It flowers in May to June (UK) in rather lax clusters. The flowers are usually white, but can be pink. Flowers are up to 2.4 cm in diameter, with 2–3 styles and stigmas and more than 20 stamens. They have 5 triangular sepals, which are obtuse. The petals can be slightly velvety on the inside.

Its fruit persists for an average of 64.4 days, and bears an average of 2.8 seeds per fruit. Fruits average 77.4% water, and their dry weight includes 11.1% carbohydrates and 1.4% lipids.

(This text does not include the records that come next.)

Definition hconverges (u : nat -> H) (l : H) : Prop :=
  forall e : R, 0 < e -> exists N, forall n, (N <= n)%N -> hnorm (u n - l) < e.

Definition hcomplete : Prop :=
  forall u, hcauchy u -> exists l, hconverges u l.

Definition hseparable : Prop :=
  exists u : nat -> H, forall x (e : R), 0 < e -> exists n, hnorm (x - u n) < e.

Definition separable_hilbert : Prop :=
  [/\ inner_product_axioms, hcomplete & hseparable].

Definition subspace (D : H -> Prop) : Prop :=
  D 0 /\ forall (a : R[i]) x y, D x -> D y -> D (a *: x + y).

Definition dense (D : H -> Prop) : Prop :=
  forall x (e : R), 0 < e -> exists y, D y /\ hnorm (x - y) < e.

Definition linear_on (D : H -> Prop) (A : H -> H) : Prop :=
  forall (a : R[i]) x y, D x -> D y -> A (a *: x + y) = a *: A x + A y.

(* A with domain D is self-adjoint: densely defined, linear, and equal to its
   adjoint A^* (same domain, same action).  Here
   D(A^* ) = {y | exists z, forall x in D, <A x, y> = <x, z>}, A^* y = z. *)
Definition self_adjoint (D : H -> Prop) (A : H -> H) : Prop :=
  [/\ subspace D, dense D, linear_on D A,
      (forall y, D y <-> exists z, forall x, D x -> ip (A x) y = ip x z) &
      (forall x y, D x -> D y -> ip (A x) y = ip x (A y))].

Definition bounded (T : H -> H) : Prop :=
  exists M : R, forall x, hnorm (T x) <= M * hnorm x.

Definition bounded_self_adjoint (T : {linear H -> H}) : Prop :=
  bounded T /\ forall x y, ip (T x) y = ip x (T y).

Definition metric_operator (G : {linear H -> H}) : Prop :=
  [/\ bounded_self_adjoint G,
      (forall x, x != 0 -> 0 < ip x (G x)) &
      exists Gi : {linear H -> H},
        [/\ bounded Gi, (forall x, G (Gi x) = x) & (forall x, Gi (G x) = x)]].

Definition is_sqrt_op (G S : {linear H -> H}) : Prop :=
  [/\ bounded_self_adjoint S, (forall x, 0 <= ip x (S x)) & (forall x, S (S x) = G x)].

Definition is_inverse_op (S Si : {linear H -> H}) : Prop :=
  (forall x, S (Si x) = x) /\ (forall x, Si (S x) = x).

End Hilbert.

(* Write S = G^(1/2) and B = S A S^-1.  Pairing the adjoint characterisations of the
   domains of A and B shows that S and S^-1 exchange these domains and that
   S A S^-1 = S^-1 A S on them; hence G = S^2 leaves D(A) invariant and commutes with A.
   The real work is to pass from G to its square root without spectral theory.  For k
   large, T = 1 - G/k^2 is a strict contraction (S is bounded with bounded inverse).  Put
   Y_0 = 0, Y_(n+1) = (T + Y_n^2)/2 and P_n = k (1 - Y_n) ([defect], [sqrt_iter] and
   [sqrt_approx] below): these are polynomials in G, S^2 - P_n^2 = 2k^2 (Y_n - Y_(n+1))
   decays geometrically and S + P_n is uniformly coercive, so P_n -> S geometrically.
   Each P_n commutes with A, whence |<A x, S u> - <S x, A u>|^2 <= C r^n for all n, so
   it vanishes, and self-adjointness of A turns this into S D(A) <= D(A) and A S = S A.
   Hence G^(-1/2) psi is in D(A) iff psi is, and S A S^-1 psi = A psi. *)

From HB Require Import structures.
From mathcomp Require Import all_boot all_order all_algebra.
From mathcomp Require Import reals complex.
From mathcomp Require Import ring lra.
Import Order.TTheory GRing.Theory Num.Theory.
Local Open Scope ring_scope.
Local Open Scope complex_scope.
Set Implicit Arguments. Unset Strict Implicit. Unset Printing Implicit Defensive.

Section ComplexModulus.
Variable R : realType.

Definition sqmod (z : R[i]) : R := complex.Re z ^+ 2 + complex.Im z ^+ 2.

Lemma sqmod_le0 z : sqmod z <= 0 -> z = 0.
Proof.
case: z => a b; rewrite /sqmod /= => h.
have a0 : a ^+ 2 == 0 by rewrite eq_le sqr_ge0 andbT; have := sqr_ge0 b; lra.
have b0 : b ^+ 2 == 0 by rewrite eq_le sqr_ge0 andbT; have := sqr_ge0 a; lra.
by move: a0 b0; rewrite !sqrf_eq0 => /eqP -> /eqP ->.
Qed.

Lemma Re_sqr_le_sqmod z : complex.Re z ^+ 2 <= sqmod z.
Proof. by rewrite /sqmod lerDl sqr_ge0. Qed.

Lemma sqmodB_le a b : sqmod (a - b) <= 2 * (sqmod a + sqmod b).
Proof.
case: a b => [a1 a2] [b1 b2]; rewrite /sqmod /=.
have := sqr_ge0 (a1 + b1); have := sqr_ge0 (a2 + b2); nra.
Qed.

Lemma Re_ge0 (z : R[i]) : 0 <= z -> 0 <= complex.Re z.
Proof. by rewrite lecE => /andP[]. Qed.

Lemma ReJ (z : R[i]) : complex.Re z^* = complex.Re z.
Proof. by case: z. Qed.

Lemma ReMr (a : R) (z : R[i]) : complex.Re (a%:C * z) = a * complex.Re z.
Proof. by case: z => ? ? /=; ring. Qed.

End ComplexModulus.

Section Domain.
Variables (R : realType) (H : lmodType R[i]) (D : H -> Prop) (A : H -> H).

Definition commute_on (X : H -> H) :=
  forall x, D x -> D (X x) /\ A (X x) = X (A x).

Hypotheses (D_subspace : subspace D) (A_linear : linear_on D A).

Lemma subspace0 : D 0.
Proof. by case: D_subspace. Qed.

Lemma subspaceP a x y : D x -> D y -> D (a *: x + y).
Proof. by case: D_subspace => _; apply. Qed.

Lemma subspaceZ a x : D x -> D (a *: x).
Proof. by move=> Dx; rewrite -[_ *: _]addr0; apply: subspaceP Dx subspace0. Qed.

Lemma subspaceD x y : D x -> D y -> D (x + y).
Proof. by rewrite -[x in D (x + _)]scale1r; apply: subspaceP. Qed.

Lemma subspaceB x y : D x -> D y -> D (x - y).
Proof. by move=> Dx Dy; rewrite addrC -scaleN1r; apply: subspaceP. Qed.

Lemma linear_on0 : A 0 = 0.
Proof.
have := A_linear 1 subspace0 subspace0; rewrite scale1r addr0 scale1r.
by move/(congr1 (fun v => v - A 0)); rewrite subrr addrK.
Qed.

Lemma linear_onZ a x : D x -> A (a *: x) = a *: A x.
Proof.
by move=> Dx; rewrite -[_ *: _]addr0 (A_linear _ Dx subspace0) linear_on0 !addr0.
Qed.

Lemma linear_onD x y : D x -> D y -> A (x + y) = A x + A y.
Proof. by move=> Dx Dy; rewrite -{1}[x]scale1r (A_linear _ Dx Dy) scale1r. Qed.

Lemma linear_onB x y : D x -> D y -> A (x - y) = A x - A y.
Proof.
by move=> Dx Dy; rewrite addrC -scaleN1r (A_linear _ Dy Dx) scaleN1r addrC.
Qed.

End Domain.

Section Geometric.
Variable R : realType.

Lemma Bernoulli_le1 (r : R) n :
  0 <= r -> r <= 1 -> r ^+ n * (1 + n%:R * (1 - r)) <= 1.
Proof.
move=> r_ge0 r_le1; elim: n => [|n IH]; first by rewrite mul0r addr0 mulr1.
have s_ge0 : 0 <= 1 - r by rewrite subr_ge0.
have -> : r ^+ n.+1 * (1 + n.+1%:R * (1 - r)) =
          r * (r ^+ n * (1 + n%:R * (1 - r))) + r ^+ n.+1 * (1 - r).
  by rewrite exprS mulrS; ring.
have := ler_wpM2l r_ge0 IH; have := ler_wpM2r s_ge0 (exprn_ile1 n.+1 r_ge0 r_le1); lra.
Qed.

Lemma geometric_bound_le0 (a C r : R) :
  0 <= r -> r < 1 -> (forall n, a <= C * r ^+ n) -> a <= 0.
Proof.
move=> r_ge0 r_lt1 hC; rewrite leNgt; apply/negP => a_gt0.
have C_ge0 : 0 <= C by apply: le_trans (ltW a_gt0) _; have := hC 0%N; rewrite mulr1.
have s_gt0 : 0 < a * (1 - r) by rewrite mulr_gt0 // subr_gt0.
have /archi_boundP := divr_ge0 C_ge0 (ltW s_gt0).
set n := Num.Def.archi_bound _; rewrite ltr_pdivrMr // => hn.
have h1 : 0 <= 1 + n%:R * (1 - r) by rewrite addr_ge0 // mulr_ge0 // subr_ge0 ltW.
have t1 : 0 <= (C * r ^+ n - a) * (1 + n%:R * (1 - r)).
  by rewrite mulr_ge0 // subr_ge0.
have t2 : 0 <= C * (1 - r ^+ n * (1 + n%:R * (1 - r))).
  by rewrite mulr_ge0 // subr_ge0 Bernoulli_le1 // ltW.
lra.
Qed.

End Geometric.

Section Hilbert.
Variables (R : realType) (H : lmodType R[i]) (ip : H -> H -> R[i]).
Hypothesis ipA : inner_product_axioms ip.

Lemma ip_scalar x : scalar (ip x).
Proof. by case: ipA => h _ _ _ a y z; apply: h. Qed.

HB.instance Definition _ x :=
  GRing.isLinear.Build R[i] H R[i] *%R (ip x) (ip_scalar x).

Lemma ipDr x y z : ip x (y + z) = ip x y + ip x z. Proof. exact: linearD. Qed.
Lemma ipBr x y z : ip x (y - z) = ip x y - ip x z. Proof. exact: linearB. Qed.
Lemma ipZr x a y : ip x (a *: y) = a * ip x y. Proof. exact: linearZ. Qed.
Lemma ipr0 x : ip x 0 = 0. Proof. exact: linear0. Qed.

The Midland hawthorn is distinguished from the closely related common hawthorn, C. monogyna, in the leaves being only shallowly lobed, with forward-pointing lobes, without hair tufts in the vein axils, and in the flowers having more than one style. Each style produces a seed, so its fruits also have more than one seed and these make them slightly oval, in contrast with the single-seeded and therefore round fruits of common hawthorn. The two species hybridise, giving rise to C. × media.

==Taxonomy==
In the past, Midland hawthorn was widely but incorrectly known by the name C. oxyacantha, a name that has now been rejected as being of uncertain application. In 1753, Linnaeus introduced the name C. oxyacantha for the single species of which he was aware, but described it in such a way that the name became used for various species, including both the Midland and the common hawthorn. In 1775, Jacquin formally separated the common hawthorn, naming it C. monogyna, and in 1946, Dandy showed that Linnaeus had actually observed a different plant, C. oxyacantha. By this time, though, confusion over the true identity of C. oxyacantha was so great that Byatt proposed that the name should be formally rejected as ambiguous, and this proposal was accepted by the International Botanical Congress, although the name continues to be used informally.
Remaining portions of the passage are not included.